A more logical diagnostic criterion, in our opinion, should simply be a fixed and restricted pain area in size and location, and the circular shape should be considered only one of the possible findings, not an essential requirement [44].
So why in nummular headache (NH) is the pain area almost always described as perfectly circular or oval, even though neuroanatomical evidence suggests it should be irregular?
Current studies on the spatial resolution of pain do not provide clear answers, as research specifically on the scalp is lacking [48,49]. However, we know that the abundance of hair and the fragmented nature of nerve fiber receptive fields should, in theory, generate an irregular and poorly defined pain perception. Since the pain perceived by the patient is, conversely, regular and well-defined, this discrepancy indicates that peripheral mechanisms alone are insufficient to explain the phenomenon.
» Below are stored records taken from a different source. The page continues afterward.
(* Consider the deterministic crowd-learning system described in the context, with $N\ge 2$ PoIs and reward rate $\beta>0$. Let $\overline{\Delta}_{\max}^{(\beta)}$ be the average maximum age when every user acts selfishly, and $\overline{\Delta}_{\max}^{(\mathrm{OPT})}$ the minimum average maximum age over all admissible assignment policies. Then the price of anarchy $$\rho(\beta)\triangleq 1-\frac{\overline{\Delta}_{\max}^{(\mathrm{OPT})}}{\overline{\Delta}_{\max}^{(\beta)}}$$ satisfies $$\rho(\beta)\le \frac{p_{\max}}{(N-1)\beta+p_{\max}}=O(1/\beta).$$
   Context: Deterministic crowd-learning model. There are $N\ge 2$ points of interest (PoIs), indexed $n=1,\dots,N$, and time is slotted, $t=0,1,2,\dots$. Each PoI $n$ has a price $p_n[t]\in[p_{\min},p_{\max}]$, where $0<p_{\min}\le p_{\max}$; the price sequence may be arbitrary. The service provider keeps a recorded price $r_n[t]$ for each PoI, with $r_n[0]\in[p_{\min},p_{\max}]$. Each PoI also has an age $\Delta_n[t]\in\{0,1,2,\dots\}$, with finite initial values $\Delta_n[0]$. In every slot exactly one user arrives. That user selects a single PoI, and we write $S_n[t]=1$ if PoI $n$ is selected in slot $t$ and $S_n[t]=0$ otherwise, so that $\sum_n S_n[t]=1$. The selected PoI's record is refreshed: $r_n[t+1]=p_n[t]$ if $S_n[t]=1$, and $r_n[t+1]=r_n[t]$ otherwise. Ages evolve as $$\Delta_n[t+1]=(\Delta_n[t]+1)(1-S_n[t]).$$ Selfish behavior with reward rate $\beta>0$: the user in slot $t$ selects $$n^*[t]\in\arg\max_{n}\big(\beta\Delta_n[t]-r_n[t]\big),$$ with ties broken arbitrarily. An admissible policy is any rule that, in each slot, chooses the single PoI for that slot's user based on the past history. The average maximum age of a policy is $$\overline{\Delta}_{\max}=\limsup_{T\to\infty}\frac1T\sum_{t=0}^{T-1}\mathbb{E}\Big[\max_n\Delta_n[t]\Big].$$ $\overline{\Delta}_{\max}^{(\beta)}$ denotes this quantity under selfish behavior, and $\overline{\Delta}_{\max}^{(\mathrm{OPT})}$ its infimum over admissible policies. *)

From Stdlib Require Import Reals Lra Lia Arith List.
Open Scope R_scope.

(* PoIs are indexed by n < N (0-based); a selection sequence sel : nat -> nat
   gives the PoI chosen in slot t (must satisfy sel t < N). *)

(* Age dynamics: Delta_n[t+1] = (Delta_n[t]+1)(1 - S_n[t]). *)
Fixpoint age (D0 : nat -> nat) (sel : nat -> nat) (t : nat) (n : nat) : nat :=
  match t with
  | O => D0 n
  | S t' => if Nat.eqb (sel t') n then 0%nat else S (age D0 sel t' n)
  end.

(* Recorded prices: r_n[t+1] = p_n[t] if selected, r_n[t] otherwise. *)
Fixpoint recp (r0 : nat -> R) (p : nat -> nat -> R) (sel : nat -> nat)
  (t : nat) (n : nat) : R :=
  match t with
  | O => r0 n
  | S t' => if Nat.eqb (sel t') n then p t' n else recp r0 p sel t' n
  end.

Definition max_age (N : nat) (D0 : nat -> nat) (sel : nat -> nat) (t : nat) : nat :=
  fold_right Nat.max 0%nat (map (age D0 sel t) (seq 0 N)).

Fixpoint rsum (u : nat -> R) (T : nat) : R :=
  match T with
  | O => 0
  | S T' => rsum u T' + u T'
  end.

(* (1/T) sum_{t=0}^{T-1} max_n Delta_n[t]  (deterministic: no expectation) *)
Definition avg_max_age (N : nat) (D0 : nat -> nat) (sel : nat -> nat) (T : nat) : R :=
  rsum (fun t => INR (max_age N D0 sel t)) T / INR T.

Definition is_limsup (u : nat -> R) (L : R) : Prop :=
  forall eps : R, eps > 0 ->
    (exists M : nat, forall n : nat, (n >= M)%nat -> u n <= L + eps) /\
    (forall M : nat, exists n : nat, (n >= M)%nat /\ u n >= L - eps).

Definition is_inf (S : R -> Prop) (L : R) : Prop :=
  (forall x, S x -> L <= x) /\ (forall y, (forall x, S x -> y <= x) -> y <= L).

Definition admissible (N : nat) (sel : nat -> nat) : Prop :=
  forall t : nat, (sel t < N)%nat.

(* sel is a selfish trajectory: in every slot the chosen PoI maximizes
   beta*Delta_n[t] - r_n[t] (ties broken arbitrarily). *)
Definition selfish (N : nat) (beta : R) (D0 : nat -> nat) (r0 : nat -> R)
  (p : nat -> nat -> R) (sel : nat -> nat) : Prop :=
  admissible N sel /\
  forall t m : nat, (m < N)%nat ->
    beta * INR (age D0 sel t m) - recp r0 p sel t m
      <= beta * INR (age D0 sel t (sel t)) - recp r0 p sel t (sel t).

Definition achievable (N : nat) (D0 : nat -> nat) (L : R) : Prop :=
  exists sel, admissible N sel /\ is_limsup (avg_max_age N D0 sel) L.

From Stdlib Require Import Reals Lra Lia Arith List Classical.
From Coquelicot Require Import Coquelicot.
Open Scope R_scope.

(* Write c = N - 1.  The proof compares both average maximum ages with c.
   - Lower bound (any admissible policy): among N - 1 consecutive slots some
     PoI is never selected, so from slot N - 1 on the maximum age is >= c,
     and hence every achievable average maximum age is >= c.
   - Optimum: round robin keeps the maximum age equal to c, so the infimum
     over admissible policies is exactly c.
   - Upper bound (selfish users): a selfish user never picks a PoI that is
     k + 1 slots younger than another one, where (k+1) beta > pmax - pmin;
     a counting argument then bounds every age by c + k eventually, and so
     beta * Delta^(beta) <= beta * c + (pmax - pmin).
   The averages are controlled by a Cesaro-type lemma (eventual bounds on a
   sequence are eventual bounds on its running means, up to any eps), and
   the finite limsup of the selfish averages exists because they are
   eventually bounded. *)

Lemma age_unselected D0 sel n s d :
  (forall u, (s <= u < s + d)%nat -> sel u <> n) ->
  age D0 sel (s + d) n = (age D0 sel s n + d)%nat.
Proof.
  induction d as [|d IH]; intros Hfree.
  - rewrite Nat.add_0_r; lia.
  - replace (s + S d)%nat with (S (s + d)) by lia. cbn [age].
    destruct (Nat.eqb_spec (sel (s + d)%nat) n) as [E|E].
    + exfalso; apply (Hfree (s + d)%nat); [lia | exact E].
    + rewrite IH; [lia |]. intros u Hu; apply Hfree; lia.
Qed.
We recently proposed a hypothesis to shift the focus to the center [50], invoking the active inference [51]. According to this model, perception is not a passive process but rather an inference: the brain constructs sensory experience based on prior expectations and internal predictive models (top-down processing). The stable, regular shape of NH could therefore not reflect direct nociceptive input, but rather the imposition of an internal predictive model. Essentially, the brain decides and actively constructs that precise spatial representation of the pain.
A further hypothesis strengthens this framework by linking perception to motion. When localized pain is felt, people naturally tend to touch or massage the area using curvilinear or circular movements. The brain may incorporate this repeated motor action as a sensory expectation (prior). This continuous feedback, combining nociception with circular movement, leads the brain to infer and therefore construct the painful area’s shape as circular [50].
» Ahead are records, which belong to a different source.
Lemma seq_dist_lt (n : nat) (s s' : seq_space) :
  (seq_dist s s' < (/2) ^ n)%R <-> agree n s s'.
Proof.
  destruct (seq_dist_cases s s') as [[E H]|[N [E [H1 H2]]]]; rewrite E.
  - split; auto. intros; apply half_pow_pos.
  - split; intros Hn; destruct (le_lt_dec N n) as [HNn|HNn].
    + destruct (Nat.eq_dec N n) as [<-|]; [lra|].
      pose proof (half_pow_lt N n ltac:(lia)). lra.
    + auto.
    + exfalso. apply H1. eapply agree_mono; eauto.
    + apply half_pow_lt. exact HNn.
Qed.

Lemma seq_dist_nonneg (s s' : seq_space) : (0 <= seq_dist s s')%R.
Proof.
  destruct (seq_dist_cases s s') as [[E _]|[N [E _]]]; rewrite E; [lra|].
  left; apply half_pow_pos.
Qed.

(* The triangle inequality holds in the ultrametric form
   d(s1,s3) <= max (d(s1,s2), d(s2,s3)), since agreement is transitive. *)
Lemma seq_dist_is_metric : is_metric seq_dist.
Proof.
  split; [|split; [|split]].
  - apply seq_dist_nonneg.
  - intros s s'. split.
    + intros E. apply agree_everywhere_eq. intros n. apply seq_dist_lt.
      rewrite E. apply half_pow_pos.
    + intros <-. destruct (seq_dist_cases s s) as [[E _]|[N [_ [H _]]]]; [exact E|].
      exfalso. apply H. intros m _. reflexivity.
  - intros s s'.
    destruct (seq_dist_cases s s') as [[E H]|[N [E [H1 H2]]]],
      (seq_dist_cases s' s) as [[E' H']|[N' [E' [H1' H2']]]]; rewrite E, E'; auto.
    + exfalso. apply H1'. apply agree_sym. auto.
    + exfalso. apply H1. apply agree_sym. auto.
    + destruct (lt_eq_lt_dec N N') as [[Hl|<-]|Hl]; [| reflexivity |]; exfalso.
      * apply H1. apply agree_sym. auto.
      * apply H1'. apply agree_sym. auto.
  - intros s1 s2 s3. pose proof (seq_dist_nonneg s1 s2). pose proof (seq_dist_nonneg s2 s3).
    destruct (seq_dist_cases s1 s3) as [[E _]|[N [E [H1 _]]]]; rewrite E; [lra|].
    destruct (Rlt_or_le (seq_dist s1 s2) ((/2) ^ N)) as [Ha|Ha]; [|lra].
    destruct (Rlt_or_le (seq_dist s2 s3) ((/2) ^ N)) as [Hb|Hb]; [|lra].
    exfalso. apply H1. apply seq_dist_lt in Ha, Hb. eapply agree_trans; eauto.
Qed.
(** Closed subsets of the sequence space are compact.  The proof is König's
   lemma: at each resolution there are finitely many agreement classes, so
   if an open cover has no finite subcover, there is a nested chain of
   agreement classes none of which is finitely covered; the chain shrinks to
   a point of the (closed) subset, and the member of the cover containing
   that point already covers one of the classes. *)

Definition closed_set (Q : seq_space -> Prop) : Prop :=
  forall z, (forall n, exists s, Q s /\ agree n z s) -> Q z.

Definition sub_dist {Q : seq_space -> Prop} (x y : {s | Q s}) : R :=
  seq_dist (proj1_sig x) (proj1_sig y).

Lemma sub_dist_is_metric (Q : seq_space -> Prop) : is_metric (@sub_dist Q).
Proof.
  destruct seq_dist_is_metric as [Hnn [Hzero [Hsym Htri]]].
  split; [|split; [|split]]; unfold sub_dist; intros; auto.
  split; [|intros ->; apply Hzero; reflexivity].
  intros E. destruct x as [x Hx], y as [y Hy]. apply subset_eq_compat, Hzero, E.
Qed.

Lemma bounded_words_finite (k b : nat) :
  exists ws : list (list nat), forall f : nat -> nat,
    (forall m, m < k -> f m <= b) -> In (map f (seq 0 k)) ws.
Proof.
  induction k as [|k [ws Hws]].
  - exists [[]]. intros f _. left. reflexivity.
  - exists (flat_map (fun w => map (fun e => w ++ [e]) (seq 0 (S b))) ws).
    intros f Hf. rewrite seq_S, map_app. apply in_flat_map.
    exists (map f (seq 0 k)). split; [apply Hws; intros; apply Hf; lia|].
    apply in_map_iff. exists (f k). split; [reflexivity|].
    apply in_seq. specialize (Hf k). lia.
Qed.

Definition pattern (n : nat) (s : seq_space) : list nat :=
  map (fun m => trunc (S n) (s m)) (seq 0 (S n)).

Lemma finitely_many_patterns (n : nat) :
  exists ws, forall s, In (pattern n s) ws.
Proof.
  destruct (bounded_words_finite (S n) (S n)) as [ws Hws].
  exists ws. intros s. apply Hws. intros; apply trunc_le.
Qed.

Lemma pattern_agree (n : nat) (s s' : seq_space) :
  pattern n s = pattern n s' -> agree (S n) s s'.
Proof.
  intros H m Hm.
  assert (Hnth : forall h : nat -> nat, nth m (map h (seq 0 (S n))) 0 = h m).
  { intros h. rewrite nth_indep with (d' := h 0) by (rewrite length_map, length_seq; lia).
    rewrite map_nth, seq_nth by lia. reflexivity. }
  rewrite <- (Hnth (fun m => trunc (S n) (s m))), <- (Hnth (fun m => trunc (S n) (s' m))).
  exact (f_equal (fun w => nth m w 0) H).
Qed.

Lemma agree_chain_limit (c : nat -> seq_space) :
  (forall n, agree n (c n) (c (S n))) -> exists z, forall n, agree n z (c n).
Proof.
  intros Hch.
  assert (Hfar : forall k n, agree n (c n) (c (n + k))).
  { induction k as [|k IH]; intros n.
    - rewrite Nat.add_0_r. intros m _. reflexivity.
    - eapply agree_trans; [apply IH|]. rewrite Nat.add_succ_r.
      eapply agree_mono; [apply Hch|lia]. }
  exists (fun m =>
    match excluded_middle_informative (exists k n, m < n /\ k < n /\ c n m = Some k) with
    | left H => Some (proj1_sig (constructive_indefinite_description _ H))
    | right _ => None end).
  intros n m Hm. destruct excluded_middle_informative as [H|H].
  - destruct constructive_indefinite_description as [k [n0 [Hm0 [Hk0 E0]]]]. simpl.
    assert (E1 : c (n0 + n) m = Some k)
      by (apply (trunc_eq_small n0 k (c n0 m)); auto; apply Hfar; exact Hm0).
    rewrite (Hfar n0 n m Hm), Nat.add_comm, E1. reflexivity.
  - simpl. symmetry. apply trunc_large. intros k Ek.
    destruct (le_lt_dec n k) as [Hk|Hk]; [exact Hk|].
    exfalso. apply H. exists k, n. auto.
Qed.

Section Compactness.
Variables (Q : seq_space -> Prop) (I : Type) (U : I -> {s | Q s} -> Prop).

Definition finitely_covered (n : nat) (x : {s | Q s}) : Prop :=
  exists l : list I, forall z : {s | Q s},
    agree n (proj1_sig x) (proj1_sig z) -> exists i, In i l /\ U i z.

(* A class at resolution n is the finite union of its subclasses at n + 1. *)
Lemma finitely_covered_of_refinements (n : nat) (x : {s | Q s}) :
  (forall y : {s | Q s}, agree n (proj1_sig x) (proj1_sig y) -> finitely_covered (S n) y) ->
  finitely_covered n x.
Proof.
  intros Hy. destruct (finitely_many_patterns n) as [ws Hws].
  assert (Hpart : forall ws, exists l : list I, forall z : {s | Q s},
      agree n (proj1_sig x) (proj1_sig z) -> In (pattern n (proj1_sig z)) ws ->
      exists i, In i l /\ U i z).
  { induction ws0 as [|w ws' [l' Hl']]; [exists []; intros z _ []|].
    destruct (classic (exists y : {s | Q s},
      agree n (proj1_sig x) (proj1_sig y) /\ pattern n (proj1_sig y) = w))
      as [[y [Hxy Hyw]]|Hnone].
    - destruct (Hy y Hxy) as [ly Hly]. exists (ly ++ l'). intros z Hz [Hw|Hw].
      + destruct (Hly z) as [i [Hi Ui]]; [apply pattern_agree; congruence|].
        exists i. split; [apply in_or_app; left|]; auto.
      + destruct (Hl' z Hz Hw) as [i [Hi Ui]].
        exists i. split; [apply in_or_app; right|]; auto.
    - exists l'. intros z Hz [Hw|Hw]; [exfalso; eauto|auto]. }
  destruct (Hpart ws) as [l Hl]. exists l. intros z Hz. apply Hl; auto.
Qed.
Finally, a more methodological possibility is raised: selection bias by researchers. By concentrating on the mandatory circular/oval shape criterion to diagnose this rare syndrome, they might inadvertently overlook or underestimate the existence of other possible pain shapes [44]. For these reasons, we suggested modifying the ICHD-3 diagnostic criteria [44].
However, our hypotheses require experimental validation through extensive clinical studies of subjects with localized headaches, whose areas are defined using instruments such as pressure algometers or experimental animal models.
6.5. Conclusions
Nummular headache certainly requires further physiopathological and nosographic investigation to better define and diagnose it.
7. Hypnic Headache
According to the third edition of the International Classification of Headache Disorders (ICHD-3) [1], hypnic headache (HH) is defined as a primary headache characterized by recurrent attacks that occur exclusively during sleep, causing the patient to awaken. Diagnosis requires attacks to occur ≥10 times per month for over three months, lasting 15 min to 4 h after awakening, without cranial autonomic symptoms (such as tearing, rhinorrhea, or ptosis) or psychomotor agitation. In addition, the symptoms must not be better accounted for by another ICHD-3 diagnosis. The Table 8 reports the diagnostic criteria ICHD-3 [1]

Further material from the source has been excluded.